BEGIN PROVIDED RECORDS

(* If $p$ is an even positive integer, then $\mathrm{ex}(p+2,B_p)=p(p+2)/2$ and $\mathrm{ex}(p+3,B_p)=p(p+4)/2$. If $p$ is an odd positive integer, then $\mathrm{ex}(p+2,B_p)=(p+1)^2/2$ and $\mathrm{ex}(p+3,B_p)=(p+1)(p+3)/2$.
   Context: All graphs are finite and simple. The order of a graph is its number of vertices and its size is its number of edges. For a graph $H$ and a positive integer $n$, the Turán number $\mathrm{ex}(n,H)$ is the maximum size of a simple graph of order $n$ containing no subgraph isomorphic to $H$. The book $B_p$ with $p$ pages is the graph consisting of $p$ triangles sharing a common edge (so $B_p$ has $p+2$ vertices and $2p+1$ edges). *)

From mathcomp Require Import all_boot.
Set Implicit Arguments. Unset Strict Implicit. Unset Printing Implicit Defensive.

Definition simple_graph (n : nat) (e : rel 'I_n) : Prop :=
  symmetric e /\ irreflexive e.

Definition gsize (n : nat) (e : rel 'I_n) : nat :=
  #|[set xy : 'I_n * 'I_n | (xy.1 < xy.2)%N && e xy.1 xy.2]|.

Definition contains_sub (h n : nat) (eH : rel 'I_h) (eG : rel 'I_n) : Prop :=
  exists f : 'I_h -> 'I_n, injective f /\ forall x y, eH x y -> eG (f x) (f y).

(* The book B_p on 'I_(p+2): spine vertices 0 and 1; pages 2..p+1, each adjacent
   to both 0 and 1; plus the spine edge {0,1}. *)
Definition book (p : nat) : rel 'I_(p + 2) :=
  fun x y =>
    let a := nat_of_ord x in let b := nat_of_ord y in
    [|| (a == 0) && (b == 1), (a == 1) && (b == 0),
        (a <= 1) && (1 < b) | (1 < a) && (b <= 1)].

Arguments contains_sub : clear implicits.
Definition is_turan_number (n : nat) (h : nat) (eH : rel 'I_h) (m : nat) : Prop :=
  (exists eG : rel 'I_n, simple_graph eG /\ ~ contains_sub h n eH eG /\ gsize eG = m) /\
  (forall eG : rel 'I_n, simple_graph eG -> ~ contains_sub h n eH eG -> gsize eG <= m).
Arguments is_turan_number : clear implicits.
Arguments book : clear implicits.

(* An edge xy spans a copy of B_p exactly when it has p common neighbours, and
   every vertex other than x, y that is not a common neighbour is a non-neighbour
   of x or of y.  Counting non-neighbours d'(v), i.e. degrees in the complement,
   2|E| = n(n-1) - sum_v d'(v), and on n = p + 2 (resp. p + 3) vertices B_p-freeness
   says that every edge misses at least 1 (resp. 2) vertices.  If some vertex has
   d' = 0, all other vertices carry this quota alone; otherwise sum_v d'(v) >= n.
   When n = p + 3 is odd, parity pushes the bound to n + 2.  Complete multipartite
   graphs with parts of size two (and one part of size three when needed) attain
   the bounds. *)

From mathcomp Require Import all_boot zify.
Set Implicit Arguments. Unset Strict Implicit. Unset Printing Implicit Defensive.

Lemma card_sum_mem (T : finType) (A : {pred T}) : #|A| = \sum_x (x \in A).
Proof. by rewrite -sum1_card big_mkcond. Qed.

Lemma sum_ge_card_gt1 (T : finType) (f : T -> nat) : (forall x, 0 < f x) ->
  #|T| + #|[set x | 1 < f x]| <= \sum_x f x.
Proof.
move=> f_gt0; rewrite !card_sum_mem -big_split /=; apply: leq_sum => x _.
by rewrite inE; have := f_gt0 x; case: (f x) => [|[|k]].
Qed.

Definition nonnbrs n (e : rel 'I_n) (x : 'I_n) : {set 'I_n} :=
  [set z | (z != x) && ~~ e x z].

Definition common_nbrs n (e : rel 'I_n) (x y : 'I_n) : {set 'I_n} :=
  [set z | e x z && e y z].

Section SimpleGraph.
Variables (n : nat) (e : rel 'I_n).
Hypotheses (e_sym : symmetric e) (e_irr : irreflexive e).

Lemma nonnbrs_sym x y : (x \in nonnbrs e y) = (y \in nonnbrs e x).
Proof. by rewrite !inE e_sym eq_sym. Qed.

Lemma deg_add_card_nonnbrs x : \sum_y e x y + #|nonnbrs e x| = n.-1.
Proof.
have -> : n.-1 = #|predC1 x| by rewrite cardC1 card_ord.
rewrite !card_sum_mem -big_split /=.
apply: eq_bigr => y _; rewrite !inE.
by case: (eqVneq y x) => [->|_]; rewrite ?e_irr //; case: (e x y).
Qed.

Lemma handshake_nonnbrs : 2 * gsize e + \sum_x #|nonnbrs e x| = n * n.-1.
Proof.
have gsize_lt : gsize e = \sum_(x < n) \sum_(y < n) ((x < y) && e x y).
  by rewrite /gsize card_sum_mem pair_bigA; apply: eq_bigr => xy _; rewrite inE.
have gsize_gt : gsize e = \sum_(x < n) \sum_(y < n) ((y < x) && e x y).
  by rewrite gsize_lt exchange_big; apply: eq_bigr => x _; apply: eq_bigr => y _; rewrite e_sym.
rewrite mul2n -addnn {1}gsize_lt gsize_gt -!big_split -[n in n * _](card_ord n).
rewrite -sum_nat_const; apply: eq_bigr => x _; rewrite -(deg_add_card_nonnbrs x) -big_split /=.
congr (_ + _); apply: eq_bigr => y _.
case: (ltngtP x y) => [||/val_inj ->]; rewrite ?andbF ?addn0 //.
by rewrite e_irr.
Qed.

Lemma sum_nonnbrs_even : ~~ odd (\sum_x #|nonnbrs e x|).
Proof.
have := congr1 odd handshake_nonnbrs; rewrite oddD oddM /= => ->.
by case: n => // m; rewrite oddM /=; case: (odd m).
Qed.

Lemma card_spine_partition x y : e x y ->
  #|common_nbrs e x y| + #|nonnbrs e x :|: nonnbrs e y| + 2 = n.
Proof.
move=> exy; have xy : x != y by apply: contraTneq exy => ->; rewrite e_irr.
have two : 2 = \sum_z ((z == x) + (z == y)).
  by rewrite big_split /= -!card_sum_mem !card1.
rewrite two !card_sum_mem -!big_split /= -[n in _ = n](card_ord n) card_sum_mem.
apply: eq_bigr => z _; rewrite !inE.
case: (eqVneq z x) => [->|zx]; first by rewrite e_irr (negbTE xy) (e_sym y) exy.
case: (eqVneq z y) => [->|zy]; first by rewrite e_irr exy.
by case: (e x z); case: (e y z).
Qed.

Lemma contains_bookP p :
  contains_sub (p + 2) n (book p) e <-> exists x y, e x y /\ p <= #|common_nbrs e x y|.
Proof.
split=> [[f [f_inj f_edge]] | [x [y [exy le_p_C]]]].
  have [lt0 lt1] : 0 < p + 2 /\ 1 < p + 2 by rewrite addn2.
  pose i0 := Ordinal lt0; pose i1 := Ordinal lt1.
  exists (f i0), (f i1); split; first exact: f_edge.
  pose page (j : 'I_p) := f (cast_ord (addnC 2 p) (rshift 2 j)).
  have page_inj : injective page.
    by move=> j k /f_inj /cast_ord_inj /rshift_inj.
  rewrite -[p in p <= _]card_ord -(card_imset _ page_inj).
  apply/subset_leq_card/subsetP => _ /imsetP[j _ ->]; rewrite inE.
  by rewrite !f_edge.
pose s := enum (common_nbrs e x y).
have s_nbr z : z \in s -> e x z && e y z by rewrite mem_enum inE.
have xy : x != y by apply: contraTneq exy => ->; rewrite e_irr.
have uniq_xys : uniq [:: x, y & s].
  rewrite /= inE negb_or xy enum_uniq andbT /=.
  by apply/andP; split; apply/negP => /s_nbr; rewrite e_irr ?andbF.
have size_s : size s = #|common_nbrs e x y| by rewrite cardE.
have size_xys : p + 2 <= size [:: x, y & s] by rewrite /= size_s; lia.
exists (fun i => nth x [:: x, y & s] i); split.
  move=> i j /eqP; rewrite nth_uniq // => [/eqP/val_inj //||].
    exact: leq_trans (ltn_ord i) size_xys.
  exact: leq_trans (ltn_ord j) size_xys.
have page_nbr (k : 'I_(p + 2)) : 1 < k -> e x (nth x [:: x, y & s] k) && e y (nth x [:: x, y & s] k).
  case: k => [[|[|k]] //= lt_k _]; apply/s_nbr/mem_nth; rewrite size_s; lia.
move=> [[|[|a]] lt_a] [[|[|b]] lt_b]; rewrite /book //= => _.
- by case/andP: (page_nbr (Ordinal lt_b) isT).
- by rewrite e_sym.
- by case/andP: (page_nbr (Ordinal lt_b) isT).
- by case/andP: (page_nbr (Ordinal lt_a) isT) => ? _; rewrite e_sym.
- by case/andP: (page_nbr (Ordinal lt_a) isT) => _ ?; rewrite e_sym.
Qed.

Lemma book_freeP p : ~ contains_sub (p + 2) n (book p) e <->
  forall x y, e x y -> n - p.+1 <= #|nonnbrs e x :|: nonnbrs e y|.
Proof.
rewrite contains_bookP; split=> [no_book x y exy | big_nonnbrs [x [y [exy le_p_C]]]].
  have := card_spine_partition exy.
  case: (ltnP #|common_nbrs e x y| p) => [|le_p_C]; first lia.
  by case: no_book; exists x, y.
have := big_nonnbrs x y exy; have := card_spine_partition exy; lia.
Qed.

Lemma sum_nonnbrs_ge_dominating k x0 : #|nonnbrs e x0| = 0 ->
  (forall x y, e x y -> k <= #|nonnbrs e x :|: nonnbrs e y|) ->
  k * n.-1 <= \sum_x #|nonnbrs e x|.
Proof.
move=> /eqP; rewrite cards_eq0 => /eqP x0_dom k_le.
rewrite (bigD1 x0) //= x0_dom cards0 add0n.
have -> : n.-1 = #|predC1 x0| by rewrite cardC1 card_ord.
rewrite mulnC -sum_nat_const; apply: leq_sum => y y_x0.
have x0y : e x0 y.
  apply/negPn/negP => nxy.
  have : y \in nonnbrs e x0 by rewrite !inE nxy andbT.
  by rewrite x0_dom inE.
by have := k_le _ _ x0y; rewrite x0_dom set0U.
Qed.

Lemma sum_nonnbrs_ge k : (forall x y, e x y -> k <= #|nonnbrs e x :|: nonnbrs e y|) ->
  minn n (k * n.-1) <= \sum_x #|nonnbrs e x|.
Proof.
move=> k_le; case: (boolP [exists x, #|nonnbrs e x| == 0]) => [/existsP[x0 /eqP x0_dom]|].
  exact: leq_trans (geq_minr _ _) (sum_nonnbrs_ge_dominating x0_dom k_le).
rewrite negb_exists => /forallP nonnbrs_gt0.
apply: leq_trans (geq_minl _ _) _; rewrite -[n in n <= _]card_ord.
apply: leq_trans (sum_ge_card_gt1 _) => [|x]; first exact: leq_addr.
by rewrite lt0n nonnbrs_gt0.
Qed.

Lemma nonnbrs_pair_le1 w u v : u \in nonnbrs e w -> v \in nonnbrs e w -> u != v ->
  #|nonnbrs e u| <= 1 -> #|nonnbrs e v| <= 1 ->
  e u v /\ #|nonnbrs e u :|: nonnbrs e v| <= 1.
Proof.
move=> wu wv uv le1_u le1_v.
have unique_nonnbr z : z \in nonnbrs e w -> #|nonnbrs e z| <= 1 -> nonnbrs e z = [set w].
  move=> wz le1_z; apply/esym/eqP.
  by rewrite eqEcard sub1set -nonnbrs_sym wz cards1.
have Nu := unique_nonnbr u wu le1_u; have Nv := unique_nonnbr v wv le1_v.
rewrite Nu Nv setUid cards1; split=> //.
have : v \notin nonnbrs e u.
  by rewrite Nu inE; apply: contraTneq wv => ->; rewrite !inE eqxx.
by rewrite inE eq_sym uv negbK.
Qed.

(* Parity excludes d' = 1 everywhere, and a single vertex w with two
   non-neighbours u, v, all others having d' = 1, would leave the edge uv
   missing only w. *)
Lemma sum_nonnbrs_ge_odd : odd n -> 3 < n ->
  (forall x y, e x y -> 1 < #|nonnbrs e x :|: nonnbrs e y|) ->
  n.+2 <= \sum_x #|nonnbrs e x|.
Proof.
move=> odd_n n_gt3 U_gt1.
case: (boolP [exists x, #|nonnbrs e x| == 0]) => [/existsP[x0 /eqP x0_dom]|].
  by have := sum_nonnbrs_ge_dominating x0_dom U_gt1; move: (\sum_x _) => S; lia.
rewrite negb_exists => /forallP nonnbrs_gt0.
have {}nonnbrs_gt0 x : 0 < #|nonnbrs e x| by rewrite lt0n nonnbrs_gt0.
have := @sum_ge_card_gt1 _ (fun x => #|nonnbrs e x|) nonnbrs_gt0; rewrite card_ord.
set big := [set x | 1 < #|nonnbrs e x|].
have not_big x : x \notin big -> #|nonnbrs e x| <= 1 by rewrite inE -leqNgt.
case: (ltnP 1 #|big|) => [|le1_big]; first by move: (\sum_x _) => S; lia.
move=> sum_ge; case: (posnP #|big|) => [big0 | big_gt0].
  have sum_le : \sum_x #|nonnbrs e x| <= n.
    rewrite -[n in _ <= n]card_ord -sum1_card; apply: leq_sum => x _.
    by apply: not_big; rewrite (card0_eq big0).
  have := sum_nonnbrs_even; move: sum_ge sum_le; rewrite big0.
  move: (\sum_x _) => S ge le; have -> : S = n by lia.
  by rewrite odd_n.
have /cards1P[w big_w] : #|big| == 1 by rewrite eqn_leq le1_big.
have notin_big z : z \in nonnbrs e w -> #|nonnbrs e z| <= 1.
  by move=> wz; apply: not_big; rewrite big_w inE; apply: contraTneq wz => ->; rewrite !inE eqxx.
have [u [v [wu wv uv]]] : exists u v, [/\ u \in nonnbrs e w, v \in nonnbrs e w & u != v].
  by apply/card_gt1P; move: (set11 w); rewrite -big_w inE.
have [euv U_le1] := nonnbrs_pair_le1 wu wv uv (notin_big _ wu) (notin_big _ wv).
by have := U_gt1 _ _ euv; rewrite ltnNge U_le1.
Qed.
End SimpleGraph.

Lemma card_le_size_val n (A : {pred 'I_n}) (s : seq nat) :
  (forall z, z \in A -> nat_of_ord z \in s) -> #|A| <= size s.
Proof.
move=> A_s; rewrite cardE -(size_map (@nat_of_ord n)); apply: uniq_leq_size.
  by rewrite map_inj_uniq ?enum_uniq //; apply: val_inj.
by move=> a /mapP[z]; rewrite mem_enum => /A_s zs ->.
Qed.

Definition complete_multipartite n (c : nat -> nat) : rel 'I_n := fun x y => c x != c y.
Arguments complete_multipartite : clear implicits.

Definition has_classmate n (c : nat -> nat) (x : 'I_n) : Prop := exists2 z : 'I_n, z != x & c z = c x.

Section CompleteMultipartite.
Variables (n : nat) (c : nat -> nat).
Local Notation G := (complete_multipartite n c).
Lemma picard_bound n k t : Rabs t <= r -> Rabs (picard n k t) <= norm1 v * (/2) ^ n.
Proof.
  revert k t. induction n as [| n IH]; intros k t Ht.
  - simpl. unfold norm1. pose proof (Rabs_pos (v false)).
    pose proof (Rabs_pos (v true)). destruct k; lra.
  - set (m := norm1 v * (/2) ^ n).
    assert (Hm : 0 <= m) by (apply Rmult_le_pos; [apply norm1_nonneg | apply pow_le; lra]).
    assert (Hint : Rabs (picard (S n) k t) <= Rabs t * (2 * K * m)).
    { apply RInt_abs_bound.
      - apply linear_rhs_continuous, picard_regular.
      - intros s Hs. apply linear_rhs_bound; [lra | intros j; apply IH; lra]. }
    assert (HK : 0 <= K) by (specialize (K_bound false false 0 ltac:(rewrite Rabs_R0; lra));
                             pose proof (Rabs_pos (b false false 0)); lra).
    assert (Rabs t * (2 * K * m) <= r * (2 * K * m))
      by (apply Rmult_le_compat_r; [apply Rmult_le_pos; lra | exact Ht]).
    assert ((2 * K * r) * m <= / 2 * m) by (apply Rmult_le_compat_r; auto).
    simpl pow. unfold m in *. lra.
Qed.

Definition picard_clamped (n : nat) (k : bool) (t : R) : R := picard n k (clamp r t).

Definition picard_clamped_deriv (n : nat) (k : bool) (t : R) : R :=
  match n with
  | O => 0
  | S n' => bsum (fun j => b k j (clamp r t) * picard_clamped n' j t)
  end.

Lemma picard_clamped_cvn k : CVN_R (fun n t => picard_clamped n k t).
Proof.
  intros rr. exists (fun n => norm1 v * (/2) ^ n).
  destruct (geometric_half_cv _ (norm1_nonneg v)) as [l Hl].
  exists l. split; [exact Hl |].
  intros n y _. apply picard_bound, clamp_abs, r_nonneg.
Qed.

END PROVIDED RECORDS

## REQUIREMENT
Each line from the start of the listing through the line with "2|E| = n(n-1)" is to be restated verbatim, both ends included.

## ANSWER SECTION
(* If $p$ is an even positive integer, then $\mathrm{ex}(p+2,B_p)=p(p+2)/2$ and $\mathrm{ex}(p+3,B_p)=p(p+4)/2$. If $p$ is an odd positive integer, then $\mathrm{ex}(p+2,B_p)=(p+1)^2/2$ and $\mathrm{ex}(p+3,B_p)=(p+1)(p+3)/2$.
   Context: All graphs are finite and simple. The order of a graph is its number of vertices and its size is its number of edges. For a graph $H$ and a positive integer $n$, the Turán number $\mathrm{ex}(n,H)$ is the maximum size of a simple graph of order $n$ containing no subgraph isomorphic to $H$. The book $B_p$ with $p$ pages is the graph consisting of $p$ triangles sharing a common edge (so $B_p$ has $p+2$ vertices and $2p+1$ edges). *)

From mathcomp Require Import all_boot.
Set Implicit Arguments. Unset Strict Implicit. Unset Printing Implicit Defensive.

Definition simple_graph (n : nat) (e : rel 'I_n) : Prop :=
  symmetric e /\ irreflexive e.

Definition gsize (n : nat) (e : rel 'I_n) : nat :=
  #|[set xy : 'I_n * 'I_n | (xy.1 < xy.2)%N && e xy.1 xy.2]|.

Definition contains_sub (h n : nat) (eH : rel 'I_h) (eG : rel 'I_n) : Prop :=
  exists f : 'I_h -> 'I_n, injective f /\ forall x y, eH x y -> eG (f x) (f y).

(* The book B_p on 'I_(p+2): spine vertices 0 and 1; pages 2..p+1, each adjacent
   to both 0 and 1; plus the spine edge {0,1}. *)
Definition book (p : nat) : rel 'I_(p + 2) :=
  fun x y =>
    let a := nat_of_ord x in let b := nat_of_ord y in
    [|| (a == 0) && (b == 1), (a == 1) && (b == 0),
        (a <= 1) && (1 < b) | (1 < a) && (b <= 1)].

Arguments contains_sub : clear implicits.
Definition is_turan_number (n : nat) (h : nat) (eH : rel 'I_h) (m : nat) : Prop :=
  (exists eG : rel 'I_n, simple_graph eG /\ ~ contains_sub h n eH eG /\ gsize eG = m) /\
  (forall eG : rel 'I_n, simple_graph eG -> ~ contains_sub h n eH eG -> gsize eG <= m).
Arguments is_turan_number : clear implicits.
Arguments book : clear implicits.

(* An edge xy spans a copy of B_p exactly when it has p common neighbours, and
   every vertex other than x, y that is not a common neighbour is a non-neighbour
   of x or of y.  Counting non-neighbours d'(v), i.e. degrees in the complement,
   2|E| = n(n-1) - sum_v d'(v), and on n = p + 2 (resp. p + 3) vertices B_p-freeness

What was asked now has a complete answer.